Berlin - Die Welt blickt mit großer Sorge nach Indien. Dort explodieren aktuell die Neuinfektionszahlen mit dem Coronavirus mit über 350.000 gemeldeten Fällen pro Tag förmlich. Das Gesundheitssystem steht vor dem Kollaps. Erschütternde Bilder zeigen, wie teils Leichen auf den Parkplätzen überfüllter Krematorien verbrannt wurden. Mitten im Anstieg der Infektionszahlen wurde dort außerdem eine neue Virusvariante entdeckt. Ist die Doppelmutante B.1.617 am drastischen Verlauf in Indien Schuld? Virologe Christian Drosten von der Berliner Charité hält diese Erklärung für nicht so einfach - und versucht, zu beruhigen.

Die Sorge von einer erhöhten Gefahr durch die Mutation B.1.617 ist durchaus groß. Schließlich ist die Befürchtung da, sie könne ähnlich deutliche Auswirkungen wie die britische Mutation B.1.1.7 haben. Nach Angaben der WHO sei die zuerst in Indien entdeckte Mutation mittlerweile in mindestens 17 Ländern nachgewiesen worden. Die meisten Nachweise stammten demnach aus Indien, Großbritannien, den USA und Singapur. Häufig wird der drastische Anstieg der Zahlen in Indien auch mit der Ausbreitung der Mutation in Verbindung gebracht.

Indische Corona-Mutante B.1.617 schon in 17 Ländern nachgewiesen - Drosten bleibt aber gelassen

Auch vorläufige Studienergebnisse deuteten darauf hin, dass sich B.1.617 schneller ausbreite als andere in Indien zirkulierende Corona-Varianten, teilte die WHO mit. Allerdings gebe es durchaus auch weitere Treiber für die rasche Ausbreitung, Massenveranstaltungen beispielsweise. Auch Virologe Drosten gibt sich erstmal gelassen, anstatt nun große Sorge zu verbreiten.

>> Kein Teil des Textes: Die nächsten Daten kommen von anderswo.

(* Let $x_1,\dots,x_n\in\mathbb{R}^2$ satisfy $x_i\prec x_j$ whenever $i<j$, let $E=\{x_1,\dots,x_n\}$ and $2\le p\le n$. Then the optimal value of the Max-Min $p$-dispersion problem in $E$ equals $$\max_{1\le i_1<\dots<i_p\le n}\ \min_{j\in\{1,\dots,p-1\}}d_{i_j,i_{j+1}},$$ and the optimal value of the Max-Sum-Min $p$-dispersion problem in $E$ equals $$\max_{1\le i_1<\dots<i_p\le n}\ \sum_{j=1}^{p}m_j,\quad\text{where } m_1=d_{i_1,i_2},\ m_p=d_{i_{p-1},i_p},\ m_j=\min(d_{i_j,i_{j+1}},d_{i_j,i_{j-1}})\text{ for }1<j<p.$$
   Context: For $y=(y^1,y^2),z=(z^1,z^2)\in\mathbb{R}^2$ write $y\prec z$ iff $y^1<z^1$ and $y^2>z^2$. Fix $\alpha>0$, let $d$ be the Euclidean distance, and set $d_{ij}=d(x_i,x_j)^\alpha$. Let $D_p$ be the set of $p$-tuples $(z_1,\dots,z_p)\in E^p$ of pairwise distinct points. The Max-Min $p$-dispersion problem is $\max_{(z_1,\dots,z_p)\in D_p}\min_{1\le i<j\le p}d(z_i,z_j)^\alpha$; the Max-Sum-Min $p$-dispersion problem is $\max_{(z_1,\dots,z_p)\in D_p}\sum_{i=1}^{p}\min_{j\ne i}d(z_i,z_j)^\alpha$. *)

From HB Require Import structures.
From mathcomp Require Import all_boot all_order all_algebra.
From mathcomp Require Import all_classical all_reals all_analysis.
Set Implicit Arguments. Unset Strict Implicit. Unset Printing Implicit Defensive.
Import Order.TTheory GRing.Theory Num.Theory.
Local Open Scope ring_scope.
Local Open Scope ereal_scope.

Section Defs.
Variable R : realType.
Notation pt := (R * R)%type.

Definition prec (y z : pt) : Prop := (y.1 < z.1)%R /\ (z.2 < y.2)%R.

Definition edist (y z : pt) : R :=
  Num.sqrt ((y.1 - z.1) ^+ 2 + (y.2 - z.2) ^+ 2)%R.

Definition dpow (alpha : R) (y z : pt) : R := (edist y z) `^ alpha.

Definition Dp (x : nat -> pt) (n p : nat) (z : nat -> pt) : Prop :=
  (forall k, (k < p)%N -> exists i, (i < n)%N /\ z k = x i) /\
  (forall k l, (k < p)%N -> (l < p)%N -> k <> l -> z k <> z l).

Definition maxmin_obj (alpha : R) (p : nat) (z : nat -> pt) : \bar R :=
  \big[mine/+oo]_(0 <= i < p) \big[mine/+oo]_(0 <= j < p | (i < j)%N)
     (dpow alpha (z i) (z j))%:E.

Definition maxsummin_obj (alpha : R) (p : nat) (z : nat -> pt) : \bar R :=
  \sum_(0 <= i < p) \big[mine/+oo]_(0 <= j < p | j != i)
     (dpow alpha (z i) (z j))%:E.

Definition is_max_value (T : Type) (P : T -> Prop) (f : T -> \bar R)
    (v : \bar R) : Prop :=
  (exists z, P z /\ f z = v) /\ (forall z, P z -> f z <= v).

(* 0-based strictly increasing index sequences s 0 < ... < s (p-1) < n
   (i.e. 1 <= i_1 < ... < i_p <= n with i_j = s (j-1) + 1) *)
Definition incr_idx (n p : nat) (s : nat -> nat) : Prop :=
  (forall k, (k.+1 < p)%N -> (s k < s k.+1)%N) /\ (s p.-1 < n)%N.

Definition chain_min (alpha : R) (x : nat -> pt) (p : nat) (s : nat -> nat)
    : \bar R :=
  \big[mine/+oo]_(0 <= j < p.-1) (dpow alpha (x (s j)) (x (s j.+1)))%:E.

Definition chain_m (alpha : R) (x : nat -> pt) (p : nat) (s : nat -> nat)
    (j : nat) : R :=
  if j == 0%N then dpow alpha (x (s 0%N)) (x (s 1%N))
  else if j == p.-1 then dpow alpha (x (s p.-2)) (x (s p.-1))
  else Num.min (dpow alpha (x (s j)) (x (s j.+1)))
               (dpow alpha (x (s j)) (x (s j.-1))).
Lemma normal_prob_near_roots (m s a b c e : R) : s != 0 -> a != 0 -> 0 < e ->
  (normal_prob m s (near_roots a b c e) <= (near_roots_bound s a e)%:E)%E.
Proof.
rewrite /near_roots /= => s0 a0 e0.
set q := c / a - _; set r := - b / (2 * a).
have ea0 : 0 <= e / `|a| by rewrite divr_ge0 // ltW.
have s12 : Num.sqrt (- q - e / `|a|) <= Num.sqrt (- q + e / `|a|).
  by apply: ler_wsqrtr; lra.
have width : Num.sqrt (- q + e / `|a|) - Num.sqrt (- q - e / `|a|) <=
    Num.sqrt (2 * e / `|a|).
  have := @sqrtrD_subr_le (- q - e / `|a|) (2 * e / `|a|).
  have -> : - q - e / `|a| + 2 * e / `|a| = - q + e / `|a| by rewrite -mulrA; lra.
  by apply; rewrite -mulrA mulr_ge0.
have pk0 := normal_peak_ge0 s.
apply: le_trans (measureU2 _ _ _) _; rewrite ?measurable_itv //.
have -> : near_roots_bound s a e =
    normal_peak s * Num.sqrt (2 * e / `|a|) + normal_peak s * Num.sqrt (2 * e / `|a|).
  by rewrite /near_roots_bound; ring.
rewrite EFinD; apply: leeD; (apply: (le_trans (normal_prob_itv_le m s _ _ s0 _));
  [lra | rewrite lee_fin ler_wpM2l //; lra]).
Qed.

Lemma near_roots_bound_small (s : R) {a eta : R} : a != 0 -> 0 < eta ->
  exists2 e, 0 < e & near_roots_bound s a (2 * e) <= eta.
Proof.
move=> a0 eta0; have pk0 := normal_peak_ge0 s.
pose c := eta / (2 * normal_peak s + 1).
have c0 : 0 < c by rewrite divr_gt0 //; lra.
have a_gt0 : 0 < `|a| by rewrite normr_gt0.
exists (`|a| * c ^+ 2 / 4); first by rewrite divr_gt0 // mulr_gt0 // exprn_gt0.
rewrite /near_roots_bound.
have -> : 2 * (2 * (`|a| * c ^+ 2 / 4)) / `|a| = c ^+ 2 by field; rewrite gt_eqF.
rewrite sqrtr_sqr gtr0_norm //.
have : c * (2 * normal_peak s + 1) = eta by rewrite divfK // gt_eqF //; lra.
lra.
Qed.

End near_roots.

Section quad_form.
Context {R : comPzRingType}.
Implicit Types (alpha : nat -> nat -> R) (v : nat -> R).

Definition quad_form alpha (m : nat) v : R :=
  \sum_(j < m) \sum_(k < m) alpha j k * v j * v k.

Definition cross_coef alpha (m : nat) v : R :=
  \sum_(k < m) (alpha 0%N k.+1 + alpha k.+1 0%N) * v k.

Lemma quad_form_recl alpha m v : quad_form alpha m.+1 v =
  alpha 0%N 0%N * v 0%N ^+ 2 + cross_coef alpha m (fun j => v j.+1) * v 0%N +
  quad_form (fun j k => alpha j.+1 k.+1) m (fun j => v j.+1).
Proof.
rewrite /quad_form /cross_coef big_ord_recl /= big_ord_recl /=.
under [in X in _ + X]eq_bigr do rewrite big_ord_recl /=.
rewrite big_split /= mulr_suml -!addrA; congr (_ + _); first by rewrite expr2 mulrA.
rewrite addrA -big_split /=; congr (_ + _); apply: eq_bigr => i _.
rewrite /bump /=; ring.
Qed.

End quad_form.

Lemma quad_form_dist_le (R : realDomainType) (alpha : nat -> nat -> R) m
    (u v : nat -> R) (M h : R) :
  (forall j, (j < m)%N -> [/\ `|u j| <= M, `|v j| <= M & `|u j - v j| <= h]) ->
  `|quad_form alpha m u - quad_form alpha m v| <=
    2 * M * h * \sum_(j < m) \sum_(k < m) `|alpha j k|.
Proof.
move=> uv; rewrite /quad_form -sumrB mulr_sumr.
apply: (le_trans (ler_norm_sum _ _ _)); apply: ler_sum => j _.
rewrite -sumrB mulr_sumr.
apply: (le_trans (ler_norm_sum _ _ _)); apply: ler_sum => k _.
have [uj vj dj] := uv j (ltn_ord j); have [uk vk dk] := uv k (ltn_ord k).
have -> : alpha j k * u j * u k - alpha j k * v j * v k =
    alpha j k * (u j * (u k - v k) + (u j - v j) * v k) by ring.
rewrite normrM mulrC ler_wpM2r //.
apply: (le_trans (ler_normD _ _)); rewrite !normrM.
have e1 : `|u j| * `|u k - v k| <= M * h by apply: ler_pM.
have e2 : `|u j - v j| * `|v k| <= h * M by apply: ler_pM.
lra.
Qed.
(* Let $n \ge s \ge 1$ be integers and let $p$ be an odd prime. Let \[ F_p(x) = \sum_{k=0}^{s-1} \binom{n}{k+1} G_{k+1}\, p^k\, x^{s-1-k} \in \mathbf{Z}[x]. \] Then \[ G_n \equiv \sum_{j=0}^{p-1} (-1)^j j^{n-s} F_p(j) \pmod{p^s}. \]
   Context: The Bernoulli numbers $B_k$ are defined by $\frac{t}{e^t-1} = \sum_{k\ge 0} \frac{B_k}{k!} t^k$. The Genocchi numbers are $G_k = 2(1-2^k)B_k$; they are integers. Here $0^0 = 1$. *)

From HB Require Import structures.
From mathcomp Require Import all_boot all_order all_algebra.
Set Implicit Arguments. Unset Strict Implicit. Unset Printing Implicit Defensive.
Import Order.TTheory GRing.Theory Num.Theory.
Local Open Scope ring_scope.

(* bern_list m = [:: B_0; ...; B_m], Bernoulli numbers with B_1 = -1/2
   (the convention of t/(e^t-1)), via the standard recurrence
   B_0 = 1,  sum_{k=0}^{m} C(m+1,k) B_k = 0  for m >= 1. *)
Fixpoint bern_list (m : nat) : seq rat :=
  match m with
  | 0 => [:: 1]
  | m'.+1 =>
      let l := bern_list m' in
      rcons l (- (\sum_(k < m'.+1) ('C(m'.+2, k))%:R * l`_k) / (m'.+2)%:R)
  end.

Definition bernoulli (n : nat) : rat := (bern_list n)`_n.

(* Genocchi numbers G_k = 2 (1 - 2^k) B_k (rational-valued here; they are integers). *)
Definition genocchi (k : nat) : rat := 2 * (1 - 2 ^+ k) * bernoulli k.

Definition Fp (n s p : nat) (x : rat) : rat :=
  \sum_(k < s) ('C(n, k.+1))%:R * genocchi k.+1 * (p%:R) ^+ k * x ^+ (s - 1 - k).

From HB Require Import structures.
From mathcomp Require Import all_boot all_order all_algebra.
From mathcomp Require Import ring lra zify.
Import Order.TTheory GRing.Theory Num.Theory.
Local Open Scope ring_scope.

(* We compute with exponential generating functions (egfs), represented by
   their coefficient sequences a : nat -> rat; the product of egfs becomes
   the binomial convolution (a ** b)_n = sum_k C(n,k) a_k b_(n-k).
   The defining recurrence of the Bernoulli numbers says B(t) e^t = B(t) + t;
   it yields the duplication formula B(2t) (e^t + 1) = 2 B(t), hence
   G(t) (e^t + 1) = 2t for the Genocchi egf G(t) = 2B(t) - 2B(2t).
   For odd m the alternating power sums S_m(r) = sum_(j<m) (-1)^j j^r have
   egf (e^(mt) + 1)/(e^t + 1), so G(mt) S_m(t) = m G(t), which is the
   multiplication formula
     G_(n+1) = sum_(k<=n) C(n+1,k+1) m^k G_(k+1) S_m(n-k).
   Applied with m the odd denominator of G_(n+1) it shows that the Genocchi
   numbers are integers (2 B_n has odd denominator by an induction on the
   binomial expansion of G_n).  Applied with m = p, its first s terms form
   the sum over j in the theorem and the remaining terms carry the factor
   p^s. *)

Definition bconv (a b : nat -> rat) (n : nat) : rat :=
  \sum_(k < n.+1) ('C(n, k))%:R * a k * b (n - k)%N.

Local Notation "a ** b" := (bconv a b) (at level 40, left associativity).

Section BinomialConvolution.

Implicit Types (a b c : nat -> rat) (n : nat).

Lemma fact_neq0 n : (n`!)%:R != 0 :> rat.
Proof. by rewrite pnatr_eq0 -lt0n fact_gt0. Qed.

Lemma eq_fact_div n (x y : rat) : x / (n`!)%:R = y / (n`!)%:R -> x = y.
Proof. by apply: mulIf; rewrite invr_eq0 fact_neq0. Qed.

(* If P and Q agree with the egfs of a and b up to degree n, then so does
   P * Q with the egf of a ** b: this transfers ring laws of polynomials to
   the convolution. *)
Lemma coefM_bconv (P Q : {poly rat}) a b n :
  (forall k, (k <= n)%N -> P`_k = a k / (k`!)%:R) ->
  (forall k, (k <= n)%N -> Q`_k = b k / (k`!)%:R) ->
  (P * Q)`_n = (a ** b) n / (n`!)%:R.
Proof.
move=> HP HQ; rewrite coefM /bconv mulr_suml; apply: eq_bigr => -[k hk] _ /=.
have hkn : (k <= n)%N by [].
rewrite HP // HQ ?leq_subr // -(bin_fact hkn) !natrM.
have hC : ('C(n, k))%:R != 0 :> rat by rewrite pnatr_eq0 -lt0n bin_gt0.
by field; rewrite hC !fact_neq0.
Qed.

Definition egf a (N : nat) : {poly rat} := \poly_(i < N) (a i / (i`!)%:R).

Lemma coef_egf a n k : (k <= n)%N -> (egf a n.+1)`_k = a k / (k`!)%:R.
Proof. by move=> hk; rewrite coef_poly ltnS hk. Qed.

Lemma coef_egfM a b n k : (k <= n)%N ->
  (egf a n.+1 * egf b n.+1)`_k = (a ** b) k / (k`!)%:R.
Proof.
by move=> hk; apply: coefM_bconv => j hj; rewrite coef_egf // (leq_trans hj).
Qed.

Lemma bconvC a b n : (a ** b) n = (b ** a) n.
Proof. by apply: (@eq_fact_div n); rewrite -!(@coef_egfM _ _ n) // mulrC. Qed.

Lemma bconvA a b c n : ((a ** b) ** c) n = (a ** (b ** c)) n.
Proof.
apply: (@eq_fact_div n).
rewrite -(@coefM_bconv (egf a n.+1 * egf b n.+1) (egf c n.+1)); last 2 first.
- exact: coef_egfM.
- exact: coef_egf.
rewrite -(@coefM_bconv (egf a n.+1) (egf b n.+1 * egf c n.+1)) ?mulrA //.
- exact: coef_egf.
- exact: coef_egfM.
Qed.

Lemma eq_bconv a a' b b' n : a =1 a' -> b =1 b' -> (a ** b) n = (a' ** b') n.
Proof. by move=> ha hb; apply: eq_bigr => k _; rewrite ha hb. Qed.

Lemma bconvDl a b c n : ((fun i => a i + b i) ** c) n = (a ** c) n + (b ** c) n.
Proof. by rewrite /bconv -big_split; apply: eq_bigr => k _ /=; ring. Qed.

Lemma bconvBl a b c n : ((fun i => a i - b i) ** c) n = (a ** c) n - (b ** c) n.
Proof. by rewrite /bconv -sumrB; apply: eq_bigr => k _ /=; ring. Qed.

Lemma bconvZl r a c n : ((fun i => r * a i) ** c) n = r * (a ** c) n.
Proof. by rewrite /bconv mulr_sumr; apply: eq_bigr => k _ /=; ring. Qed.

Anhand der sehr kleinen verfügbaren Datenbasis lasse sich schließen, dass die Mutante nicht allein die heftige Infektionswelle in dem Land verursache, „sondern das ist mehr eine bunt gemischte Virus-Population“, sagte der Drosten im Podcast „Coronavirus-Update“ (NDR-Info) vom Dienstagabend (27. April). Auch die ansteckendere Variante B.1.1.7, die mittlerweile in Deutschland dominiert, sei stark vertreten.

Virologe Christian Drosten (r.) mit RKI-Chef Lothar Wieler.
Virologe Christian Drosten (r.) mit RKI-Chef Lothar Wieler. © Fabrizio Bensch/dpa

Indische Corona-Mutante B.1.617 laut Drosten „in der Medienbewertung überschätzt“

Laut Drosten kämen in Indien derzeit gleich mehrere Effekte zusammen: Herdenimmunität sei dort einer Studie zufolge bei weitem noch nicht erreicht gewesen. Es werde nun eine Bevölkerung durchseucht, die schon ein bisschen die Anfangsimmunität aus den bisherigen Wellen zu verlieren beginne, sagte der Virologe. Gleichzeitig sei die Variante B.1.617 etwas verbreitungsfähiger und robuster gegen die Immunität. In der Fachsprache ist von Immunescape (Immunflucht) die Rede. Diese Eigenschaft sei bei B.1.617 leicht ausgeprägt. Das sei auch im Vergleich mit anderen Varianten „nichts, was einen wirklich groß beunruhigt“.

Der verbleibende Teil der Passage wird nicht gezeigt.